NCATS-Gamma / robokop

Master UI for ROBOKOP
MIT License
16 stars 3 forks source link

Question generalization: Node hopping #244

Open cbizon opened 5 years ago

cbizon commented 5 years ago

There's a related set of issues that I'm going to lump under the general heading of query brittleness: If you got no or poor answers because you started with the wrong node.

Maybe you started with a very specific form of a disease (genetic susciptibility to asthma type 32), and you would have gotten answers that you liked fine if you went up to eg. susceptability to asthma or up higher to asthma.

Maybe you started with too general query and the nodes are too blobby, and there are cool answers in some sub-version

Maybe you started with the hpo term for obesity, and there would be better answers to the mondo term for obesity (disease) or to things that are related, but not in a clearly ontological way, like BMI.

Maybe you started with one chemical and got nothing, but there is a very similar chemical where you would get something (like anhydrous codeine vs hydrous codeine).

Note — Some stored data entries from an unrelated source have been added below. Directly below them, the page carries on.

(* (phi, phip) represents an element phi of
   A = { phi in H^1((p0,0)) : phi(p0) = phi(0) = 0 }
   via its (absolutely) continuous representative: phip is in L^2((p0,0))
   (measurable, integrable, square integrable), phi is its primitive
   starting from phi(p0) = 0 on [p0,0], and phi(0) = 0.  phip is then the
   weak derivative phi_p. *)
Definition inA (p0 : R) (phi phip : R -> R) : Prop :=
  [/\ measurable_fun `[p0, 0] phip,
      mu.-integrable `[p0, 0] (EFin \o phip),
      (\int[mu]_(x in `[p0, 0%R]) ((phip x) ^+ 2)%:E < +oo)%E,
      (forall x, p0 <= x <= 0 -> phi x = Rintegral mu `[p0, x] phip)
    & phi 0 = 0].

(* Rayleigh quotient R(phi; lambda); rho = [[rho]] the density jump. *)
Definition rayleigh (g rho p0 p1 lam : R) (Gam : R -> R)
    (phi phip : R -> R) : R :=
  (g * rho * (phi p1) ^+ 2
     + Rintegral mu `]p0, 0[ (fun p => (acoef p1 lam Gam p) ^+ 3 * (phip p) ^+ 2))
  / Rintegral mu `]p0, 0[ (fun p => acoef p1 lam Gam p * (phi p) ^+ 2).

Definition nu (g rho p0 p1 : R) (Gam : R -> R) (lam : R) : \bar R :=
  ereal_inf [set r : \bar R | exists phi phip : R -> R,
               [/\ inA p0 phi phip,
                   (exists x, p0 <= x <= 0 /\ phi x != 0)
                 & r = (rayleigh g rho p0 p1 lam Gam phi phip)%:E]].
End Defs.

From HB Require Import structures.
From mathcomp Require Import all_boot all_order all_algebra.
From mathcomp Require Import all_classical all_reals all_analysis.
From mathcomp Require Import measurable_realfun ring lra.
Import Order.TTheory GRing.Theory Num.Theory.
Import numFieldNormedType.Exports.
Local Open Scope classical_set_scope.
Local Open Scope ring_scope.

(* Test the Rayleigh quotient with the function phi equal to p on [p1, 0] and
   to the linear interpolation c (p - p0), c = p1 / (p1 - p0), on [p0, p1].
   For this phi the contributions of [p0, p1] are lam^3 c^2 (p1 - p0) to the
   numerator and lam * M, M > 0, to the denominator, whereas [p1, 0] gives
   exactly g[[rho]] p1^2 + int Gam^3 and int p^2 Gam.  The quotient is below
   -1 iff g[[rho]] p1^2 + int (Gam^3 + p^2 Gam) + lam^3 c^2 (p1 - p0) + lam M
   is negative, which holds for lam small enough by the hypothesis. *)

Section interval_integrals.
Context {R : realType}.
Local Notation mu := (@lebesgue_measure R).
Implicit Types (a b c : itv_bound R) (f : R -> R).

Lemma integrable_setU (A B : set R) (f : R -> \bar R) :
  measurable A -> measurable B -> [disjoint A & B] ->
  mu.-integrable A f -> mu.-integrable B f -> mu.-integrable (A `|` B) f.
Proof.
move=> mA mB AB iA iB.
have mAB : measurable_fun (A `|` B) f.
  by apply/(measurable_funU f mA mB); split; exact: (measurable_int mu).
apply/integrableP; split => //.
rewrite integral_setU //; last exact: measurableT_comp.
case/integrableP: iA => _ iA; case/integrableP: iB => _ iB.
exact: lte_add_pinfty.
Qed.

Lemma disjoint_itv_split a b c :
  [disjoint [set` Interval a c] & [set` Interval c b]].
Proof.
apply/eqP/seteqP; split => // x [/=]; rewrite !itv_boundlr => /andP[_ xc] /andP[cx _].
by move: (le_trans xc cx); rewrite bnd_simp ltxx.
Qed.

Going to make a different issue for edge stuff.

cbizon commented 5 years ago

Another example. Will Byrd was asking about a link between a gene and "glutamate". There's a bunch of things that might get lumped under the common term "glutamate". There's glutamic acid, and then there's the ionized version which is (-1)glutamate, and there's also -2 glutamate, and there' also L- and D- forms (stereochemistry). All with different identifiers. There are chebi relationships between a lot of these, so we don't have to rely solely on going through english.

cbizon commented 5 years ago

LD is another excellent example of this.

cbizon commented 5 years ago

Another example from Mark: So, the issue that people were running into is this, if you search for MATCH (x)--(c:chemical_substance) WHERE x.id = 'HP:0002017' RETURN x.name, c.id LIMIT 100 and MATCH (x)--(c:chemical_substance) WHERE x.id = 'HP:0002587' RETURN x.name, c.id LIMIT 100 3:46 PM Which are Nausea and vomiting and Projectile vomiting respectively, you get two sets of results that don't overlap 3:47 PM It was my assumption that robokop was only returning results that had those specific annotations, which makes sense, but the question is this, is there any way to get results for all nausea/vomiting related phenotypes and if not, how difficult would it be to change the underlying graph to leverage the hierarchy of HPO or something similar 3:48 PM It looks like there is a lot of is_a and part_of type relations between anatomical entities, but that doesn't seem to hold true for disease_or_phenotypic_feature 

cbizon commented 5 years ago

Essentially the same as #241

patrickkwang commented 5 years ago

This may be solved by a variant of query 'fuzzing', which we've talked about implementing as a messenger service.